- WHAT THE TASK ASKS -
Only the closing part of the listing is wanted: reproduce exactly the line containing "- by move=> s" and all lines below it.

▽

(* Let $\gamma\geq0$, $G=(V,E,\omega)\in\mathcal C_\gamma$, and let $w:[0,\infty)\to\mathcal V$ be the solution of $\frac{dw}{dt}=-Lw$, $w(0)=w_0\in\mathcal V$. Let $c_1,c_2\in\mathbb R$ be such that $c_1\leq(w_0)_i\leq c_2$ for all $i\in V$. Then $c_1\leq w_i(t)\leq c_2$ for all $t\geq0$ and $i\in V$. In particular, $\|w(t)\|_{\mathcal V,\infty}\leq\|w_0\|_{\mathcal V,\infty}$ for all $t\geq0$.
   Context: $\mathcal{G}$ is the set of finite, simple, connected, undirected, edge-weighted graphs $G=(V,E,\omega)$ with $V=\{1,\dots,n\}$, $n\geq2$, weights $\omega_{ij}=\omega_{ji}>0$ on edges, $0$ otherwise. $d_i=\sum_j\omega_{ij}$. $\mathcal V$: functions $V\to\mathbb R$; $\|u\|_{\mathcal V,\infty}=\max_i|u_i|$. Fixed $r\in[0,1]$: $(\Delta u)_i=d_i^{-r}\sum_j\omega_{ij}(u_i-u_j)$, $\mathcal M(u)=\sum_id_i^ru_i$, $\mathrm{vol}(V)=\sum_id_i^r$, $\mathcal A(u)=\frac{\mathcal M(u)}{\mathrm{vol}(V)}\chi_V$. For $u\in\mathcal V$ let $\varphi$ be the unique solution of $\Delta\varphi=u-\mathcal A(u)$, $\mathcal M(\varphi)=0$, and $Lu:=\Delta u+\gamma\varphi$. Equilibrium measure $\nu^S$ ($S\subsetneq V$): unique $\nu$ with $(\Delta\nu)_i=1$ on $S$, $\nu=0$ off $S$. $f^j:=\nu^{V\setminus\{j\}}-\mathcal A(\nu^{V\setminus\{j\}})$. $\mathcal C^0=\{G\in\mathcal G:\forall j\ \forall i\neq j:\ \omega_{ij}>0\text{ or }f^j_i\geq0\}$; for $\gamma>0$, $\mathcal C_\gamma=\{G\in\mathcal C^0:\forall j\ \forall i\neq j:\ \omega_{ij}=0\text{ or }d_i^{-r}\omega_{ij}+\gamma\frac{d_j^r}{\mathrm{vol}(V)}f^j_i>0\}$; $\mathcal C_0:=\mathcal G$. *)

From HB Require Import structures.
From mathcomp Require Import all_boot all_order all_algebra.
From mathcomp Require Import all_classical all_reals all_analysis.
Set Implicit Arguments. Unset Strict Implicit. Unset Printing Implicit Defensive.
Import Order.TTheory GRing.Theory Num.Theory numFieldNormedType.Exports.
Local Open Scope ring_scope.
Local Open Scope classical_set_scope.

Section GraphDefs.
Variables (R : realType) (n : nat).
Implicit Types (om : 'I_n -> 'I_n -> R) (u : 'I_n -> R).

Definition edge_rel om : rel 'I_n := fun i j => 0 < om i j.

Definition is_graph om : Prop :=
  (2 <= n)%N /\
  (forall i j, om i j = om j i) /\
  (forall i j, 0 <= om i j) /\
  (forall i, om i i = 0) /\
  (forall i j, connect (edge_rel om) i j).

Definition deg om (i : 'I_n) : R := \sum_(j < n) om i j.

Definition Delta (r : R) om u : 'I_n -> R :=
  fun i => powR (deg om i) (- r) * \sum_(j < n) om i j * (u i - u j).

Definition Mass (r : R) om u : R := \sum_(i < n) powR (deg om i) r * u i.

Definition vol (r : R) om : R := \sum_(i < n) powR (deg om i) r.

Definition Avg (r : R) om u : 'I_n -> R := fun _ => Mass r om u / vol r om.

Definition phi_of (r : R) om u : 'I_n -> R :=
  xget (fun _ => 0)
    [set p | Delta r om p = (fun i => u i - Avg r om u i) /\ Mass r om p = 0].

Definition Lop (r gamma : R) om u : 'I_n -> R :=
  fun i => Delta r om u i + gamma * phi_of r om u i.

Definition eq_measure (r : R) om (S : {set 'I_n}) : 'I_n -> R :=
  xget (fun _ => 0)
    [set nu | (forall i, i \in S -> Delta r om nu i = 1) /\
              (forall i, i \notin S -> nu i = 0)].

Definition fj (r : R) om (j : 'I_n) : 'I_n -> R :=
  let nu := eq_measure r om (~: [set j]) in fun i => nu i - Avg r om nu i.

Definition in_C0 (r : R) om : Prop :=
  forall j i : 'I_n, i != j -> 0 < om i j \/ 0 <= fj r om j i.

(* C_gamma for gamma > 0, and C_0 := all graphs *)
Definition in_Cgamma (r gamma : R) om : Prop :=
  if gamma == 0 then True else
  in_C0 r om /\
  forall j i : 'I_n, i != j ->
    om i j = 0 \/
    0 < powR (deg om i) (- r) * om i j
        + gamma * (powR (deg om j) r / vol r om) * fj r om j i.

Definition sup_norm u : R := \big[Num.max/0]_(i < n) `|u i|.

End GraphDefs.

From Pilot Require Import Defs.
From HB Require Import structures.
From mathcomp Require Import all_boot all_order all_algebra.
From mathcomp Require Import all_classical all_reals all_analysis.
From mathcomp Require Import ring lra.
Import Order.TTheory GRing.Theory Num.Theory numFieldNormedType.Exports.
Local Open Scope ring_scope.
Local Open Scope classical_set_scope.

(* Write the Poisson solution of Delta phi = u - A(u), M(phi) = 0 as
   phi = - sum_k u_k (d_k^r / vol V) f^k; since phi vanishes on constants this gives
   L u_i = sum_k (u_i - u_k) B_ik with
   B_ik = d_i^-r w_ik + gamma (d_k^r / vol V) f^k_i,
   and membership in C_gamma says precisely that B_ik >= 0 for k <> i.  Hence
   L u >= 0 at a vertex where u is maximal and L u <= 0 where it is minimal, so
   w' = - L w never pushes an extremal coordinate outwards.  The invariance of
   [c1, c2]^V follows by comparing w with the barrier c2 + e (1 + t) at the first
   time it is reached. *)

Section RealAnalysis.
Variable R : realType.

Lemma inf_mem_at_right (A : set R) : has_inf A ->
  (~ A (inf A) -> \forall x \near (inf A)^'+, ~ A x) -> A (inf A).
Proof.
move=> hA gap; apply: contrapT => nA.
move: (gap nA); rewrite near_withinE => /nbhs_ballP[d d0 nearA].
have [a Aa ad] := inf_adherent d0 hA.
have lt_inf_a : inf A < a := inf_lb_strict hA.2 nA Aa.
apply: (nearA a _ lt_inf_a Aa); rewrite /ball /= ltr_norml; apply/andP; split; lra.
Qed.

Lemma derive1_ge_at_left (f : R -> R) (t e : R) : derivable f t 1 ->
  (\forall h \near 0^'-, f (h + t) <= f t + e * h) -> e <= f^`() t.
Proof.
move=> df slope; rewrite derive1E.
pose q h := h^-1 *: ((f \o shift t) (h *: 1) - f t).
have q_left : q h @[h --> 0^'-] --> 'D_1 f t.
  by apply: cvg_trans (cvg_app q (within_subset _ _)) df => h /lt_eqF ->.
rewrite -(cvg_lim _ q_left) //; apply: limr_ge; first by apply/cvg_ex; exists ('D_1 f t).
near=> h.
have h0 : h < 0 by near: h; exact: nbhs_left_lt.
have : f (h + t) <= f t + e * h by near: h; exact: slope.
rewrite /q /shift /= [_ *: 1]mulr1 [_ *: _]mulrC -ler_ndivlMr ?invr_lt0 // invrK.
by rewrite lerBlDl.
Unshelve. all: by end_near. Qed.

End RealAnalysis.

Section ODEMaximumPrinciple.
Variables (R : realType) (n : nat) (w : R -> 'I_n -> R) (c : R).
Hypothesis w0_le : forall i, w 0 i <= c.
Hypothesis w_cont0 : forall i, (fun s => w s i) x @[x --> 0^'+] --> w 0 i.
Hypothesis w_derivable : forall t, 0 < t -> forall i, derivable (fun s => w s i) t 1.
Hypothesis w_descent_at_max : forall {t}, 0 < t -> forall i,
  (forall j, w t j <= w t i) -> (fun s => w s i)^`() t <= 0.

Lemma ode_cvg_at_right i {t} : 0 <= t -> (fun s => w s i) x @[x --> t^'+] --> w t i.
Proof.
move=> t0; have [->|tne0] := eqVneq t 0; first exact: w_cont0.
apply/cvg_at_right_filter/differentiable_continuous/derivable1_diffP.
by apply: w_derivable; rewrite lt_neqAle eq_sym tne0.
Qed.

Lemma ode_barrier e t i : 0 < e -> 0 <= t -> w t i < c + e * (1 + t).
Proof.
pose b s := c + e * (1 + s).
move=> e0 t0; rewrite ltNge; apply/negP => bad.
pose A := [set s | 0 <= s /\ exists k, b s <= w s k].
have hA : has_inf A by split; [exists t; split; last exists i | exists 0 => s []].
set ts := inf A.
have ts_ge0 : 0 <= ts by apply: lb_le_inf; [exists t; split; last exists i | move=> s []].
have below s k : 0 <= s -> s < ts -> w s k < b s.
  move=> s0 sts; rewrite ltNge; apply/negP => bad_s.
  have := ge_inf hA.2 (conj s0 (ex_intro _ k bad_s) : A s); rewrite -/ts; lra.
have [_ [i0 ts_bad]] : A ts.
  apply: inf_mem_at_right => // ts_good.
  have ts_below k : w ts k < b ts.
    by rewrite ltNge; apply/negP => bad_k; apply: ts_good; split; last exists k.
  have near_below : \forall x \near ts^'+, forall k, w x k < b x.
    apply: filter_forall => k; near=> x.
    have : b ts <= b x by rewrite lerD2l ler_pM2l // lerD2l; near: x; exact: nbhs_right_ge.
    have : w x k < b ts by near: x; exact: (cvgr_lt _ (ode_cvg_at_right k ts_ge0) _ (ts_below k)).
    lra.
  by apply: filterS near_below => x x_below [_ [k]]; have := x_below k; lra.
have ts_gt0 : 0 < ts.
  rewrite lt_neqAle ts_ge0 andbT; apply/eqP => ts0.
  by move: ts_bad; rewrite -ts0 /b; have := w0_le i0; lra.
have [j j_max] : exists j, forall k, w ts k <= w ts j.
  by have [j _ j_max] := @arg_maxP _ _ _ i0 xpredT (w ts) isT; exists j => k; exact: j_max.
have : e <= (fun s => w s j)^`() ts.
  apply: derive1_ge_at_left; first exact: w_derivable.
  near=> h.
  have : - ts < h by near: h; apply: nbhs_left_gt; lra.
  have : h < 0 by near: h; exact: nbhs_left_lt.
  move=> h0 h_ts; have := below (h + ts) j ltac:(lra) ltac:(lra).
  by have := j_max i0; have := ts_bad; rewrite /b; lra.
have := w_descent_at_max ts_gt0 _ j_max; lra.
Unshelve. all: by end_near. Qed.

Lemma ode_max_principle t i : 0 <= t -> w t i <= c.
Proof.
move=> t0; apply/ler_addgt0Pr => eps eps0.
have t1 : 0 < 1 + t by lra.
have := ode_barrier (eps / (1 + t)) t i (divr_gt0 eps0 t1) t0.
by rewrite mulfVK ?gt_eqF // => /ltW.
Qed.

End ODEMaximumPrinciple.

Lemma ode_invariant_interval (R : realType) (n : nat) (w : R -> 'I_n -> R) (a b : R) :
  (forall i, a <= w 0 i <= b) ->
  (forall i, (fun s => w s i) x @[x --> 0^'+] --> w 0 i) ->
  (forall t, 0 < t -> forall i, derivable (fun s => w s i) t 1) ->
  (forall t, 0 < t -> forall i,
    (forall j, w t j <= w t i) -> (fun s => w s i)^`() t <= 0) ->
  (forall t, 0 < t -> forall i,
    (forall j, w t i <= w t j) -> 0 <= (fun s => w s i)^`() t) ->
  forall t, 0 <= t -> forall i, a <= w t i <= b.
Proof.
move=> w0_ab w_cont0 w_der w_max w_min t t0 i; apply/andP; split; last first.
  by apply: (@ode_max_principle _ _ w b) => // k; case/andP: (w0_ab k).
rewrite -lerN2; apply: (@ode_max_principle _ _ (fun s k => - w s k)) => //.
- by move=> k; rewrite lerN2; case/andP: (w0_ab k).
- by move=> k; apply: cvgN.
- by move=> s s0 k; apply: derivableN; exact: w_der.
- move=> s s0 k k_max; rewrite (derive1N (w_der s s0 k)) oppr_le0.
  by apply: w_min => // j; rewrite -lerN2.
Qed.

△

- RESULT OF THIS EXERCISE -
- by move=> s s0 k; apply: derivableN; exact: w_der.
- move=> s s0 k k_max; rewrite (derive1N (w_der s s0 k)) oppr_le0.
  by apply: w_min => // j; rewrite -lerN2.
Qed.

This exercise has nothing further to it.